System Experiments Basics

The principle goal of a system experiment is to characterise the behavior of a particular system under test (SUT) for a specific set of values configured as system and application parameters. The usual way to achieve this goal is to

  1. define a workload application which takes specific parameters (e.g., input and output path),
  2. run it on top of the SUT with a specific configuration (e.g., allocated memory, DOP), and
  3. measure key performance characteristics (e.g., runtime, throughput, accuracy).

The basic layout of the execution environment observed when running a system experiment is depicted below.

Basic experiment environment layout
Basic experiment environment layout

Modern data management, however, rarely relies on a single system running in isolation. Insead, current trends advocate an architecture based on interconnected systems (e.g. HDFS and Yarn, Spark, Flink, Storm), each maintaining its own configuration. A more realistic environment layout therefore looks as follows:

Experiment environment layout with multiple systems
Experiment environment layout with multiple systems

Typically, one is not just interested in the insight obtained by a single experiment, but in trends highlighted by a suite of experiments where a certain SUT configuration or application parameter value is varied and everything else remains fixed.

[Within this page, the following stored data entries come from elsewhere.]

(* Let $Y$ be an integrable random sup-measure on $E$. Then almost surely $Y$ is a scaled indicator sup-measure, i.e. $Y(\cdot)=c\,\mathbf 1_{F\cap\,\cdot\,\neq\emptyset}$ for some (random) $c\ge0$ and closed $F\subset E$, if and only if $$\mathbb E\int^e f\,dY=\mathbb E\int f\,dY\qquad\text{for all } f\in\mathrm{USC}.$$
   Context: $E$ is a locally compact Hausdorff second countable space; $\mathcal K$ its compact subsets. A sup-measure on $E$ is a Choquet capacity $\varphi$ (non-decreasing, $\varphi(\emptyset)=0$, $\varphi(A_n)\uparrow\varphi(A)$ if $A_n\uparrow A$, $\varphi(K_n)\downarrow\varphi(K)$ for compact $K_n\downarrow K$), finite on compacts, with $\varphi(\bigcup_j G_j)=\sup_j\varphi(G_j)$ for all families of open sets; a random sup-measure is a random element of the space of sup-measures (Borel $\sigma$-algebra of the sup-vague topology); $Y$ is integrable if $\mathbb E\,Y(K)<\infty$ for all $K\in\mathcal K$. $\mathrm{USC}$: bounded non-negative upper semicontinuous functions on $E$ with relatively compact support. For $f\in\mathrm{USC}$: extremal integral $\int^e f\,d\varphi=\sup\{\varphi(K)\inf_{x\in K}f(x):K\in\mathcal K\}$; Choquet integral $\int f\,d\varphi=\int_0^\infty\varphi(\{f\ge t\})\,dt$. *)

From HB Require Import structures.
From mathcomp Require Import all_boot all_order all_algebra.
From mathcomp Require Import all_classical all_reals all_analysis.
Set Implicit Arguments. Unset Strict Implicit. Unset Printing Implicit Defensive.
Import Order.TTheory GRing.Theory Num.Theory.
Local Open Scope classical_set_scope.
Local Open Scope ring_scope.
Lemma bernoulli_ineq (R : realDomainType) (h : R) k : 0 <= h -> 1 + k%:R * h <= (1 + h) ^+ k.
Proof.
move=> h0; elim: k => [|k ih]; first by rewrite mul0r addr0 expr0.
rewrite exprSr; apply: le_trans (_ : (1 + k%:R * h) * (1 + h) <= _); last first.
  by apply: ler_wpM2r => //; lra.
have : 0 <= k%:R * h * h by rewrite !mulr_ge0.
by rewrite -natr1; nra.
Qed.

Lemma exists_expr_lt (R : archiRealFieldType) (t e : R) : 0 <= t < 1 -> 0 < e ->
  exists k, t ^+ k < e.
Proof.
move=> /andP[t0 t1] e0; have [->|t_neq0] := eqVneq t 0; first by exists 1%N; rewrite expr1.
have t_gt0 : 0 < t by rewrite lt_def t_neq0.
set h := t^-1 - 1; have h0 : 0 < h by rewrite subr_gt0 invf_gt1.
have th : t^-1 = 1 + h by rewrite addrC subrK.
have eh0 : 0 <= e^-1 / h by rewrite divr_ge0 ?invr_ge0 ?ltW.
set k := Num.Def.archi_bound (e^-1 / h); exists k.
rewrite -ltf_pV2 ?posrE ?exprn_gt0 // -exprVn th.
apply: lt_le_trans (bernoulli_ineq k (ltW h0)).
by move: (archi_boundP eh0); rewrite ltr_pdivrMr //; lra.
Qed.

Lemma exists_abs_max (R : realDomainType) (T : eqType) (abs : T -> R) (x : T) (s : seq T) :
  exists2 m, m \in x :: s & all (fun y => abs y <= abs m) (x :: s).
Proof.
elim: s => [|y s [m ms mmax]]; first by exists x; rewrite ?mem_seq1 //= lexx.
have [ym|my] := lerP (abs y) (abs m).
  exists m; first by move: ms; rewrite !inE => /orP[->|->]; rewrite ?orbT.
  by move: mmax => /= /andP[-> ->]; rewrite ym.
exists y; first by rewrite !inE eqxx orbT.
move: mmax => /= /andP[xm /allP sm]; rewrite lexx (le_trans xm (ltW my)) /=.
by apply/allP => z /sm zm; apply: le_trans zm (ltW my).
Qed.

Section LocalField.
Variables (R : realType) (C : fieldType) (abs : C -> R).
Hypothesis habs : is_nonarch_abs abs.
Variable F : C -> Prop.
Hypothesis hF : embedded_local_field abs F.

Lemma local_field_subfield : is_subfield F. Proof. by case: hF. Qed.


Lemma exists_small e : 0 < e -> exists s, [/\ F s, s != 0 & abs s < e].
Proof.
move=> e0; case: hF => _ [pi [Fpi /andP[pi0 pi1]]] _.
have [k pik] : exists k, abs pi ^+ k < e by apply: exists_expr_lt => //; rewrite ltW.
exists (pi ^+ k); split; first exact: (subfieldX local_field_subfield k Fpi).
  by apply: expf_neq0; apply: contraTneq pi0 => ->; rewrite abs0 ?ltxx.
by rewrite absX.
Qed.

Lemma bounded_subseq_cvg (u : nat -> C) B : 0 < B -> (forall n, F (u n) /\ abs (u n) <= B) ->
  exists2 phi, increasing phi & exists l, F l /\ cvgC abs (u \o phi) l.
Proof.
move=> B0 uB; case: hF => _ _ [r [r0 compact_r]].
have [s [Fs s0 sB]] := exists_small (divr_gt0 r0 B0).
have suB n : F (s * u n) /\ abs (s * u n) <= r.
  have [Fu uBn] := uB n; split; first exact: (subfieldM local_field_subfield Fs Fu).
  rewrite absM //; apply: le_trans (_ : abs s * B <= _); first by rewrite ler_wpM2l ?abs_ge0.
  by move: sB; rewrite ltr_pdivlMr // => /ltW.
have [phi [phi_incr [l [[Fl _] sul]]]] := compact_r _ suB; exists phi => //.
have Fs' := subfieldV local_field_subfield Fs.
exists (s^-1 * l); split; first exact: (subfieldM local_field_subfield Fs' Fl).
have -> : u \o phi = fun n => s^-1 * (s * u (phi n)) by apply: funext => n /=; rewrite mulKf.
by apply: cvgC_mul => //; apply: cvgC_cst.
Qed.

Lemma closed_limit (u : nat -> C) l : (forall n, F (u n)) -> cvgC abs u l -> F l.
Proof.
move=> Fu ul; have [N uN] := ul 1 ltr01.
have uB n : F (u (n + N)%N) /\ abs (u (n + N)%N) <= Num.max 1 (abs l).
  by split=> //; apply/abs_le_max1/ltW/uN; rewrite // leq_addl.
have [phi phi_incr [l' [Fl' ul']]] := bounded_subseq_cvg (max1_gt0 abs l) uB.
suff -> : l = l' by [].
apply: (cvgC_uniq habs _ ul'); apply: (cvgC_subseq (phi := fun n => (phi n + N)%N) _ ul).
by move=> n; rewrite ltn_add2r.
Qed.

A suite of experiments with varying SUT config
A suite of experiments with varying SUT config

Running Example

To illustrate the principles presented above, let us consider a scenario where we want to compare the scale-out characteristics of two parallel dataflow engines - Apache Spark and Apache Flink - based on their ability to count words. The environment layout for a single run of the two applications looks like this:

Environment layout for 'WordCount: Spark vs. Flink'
Environment layout for "WordCount: Spark vs. Flink"

Step 1: Defining a Workload Application

We start by coding two equivalent workload applications - SparkWC and FlinkWC - against the corresponding parallel dataflow APIs of the two systems. The applications

  1. read a text corpus from HDFS,
  2. compute the word frequencies within that corpus, and
  3. store the resulting collection of (word, count) back in HDFS.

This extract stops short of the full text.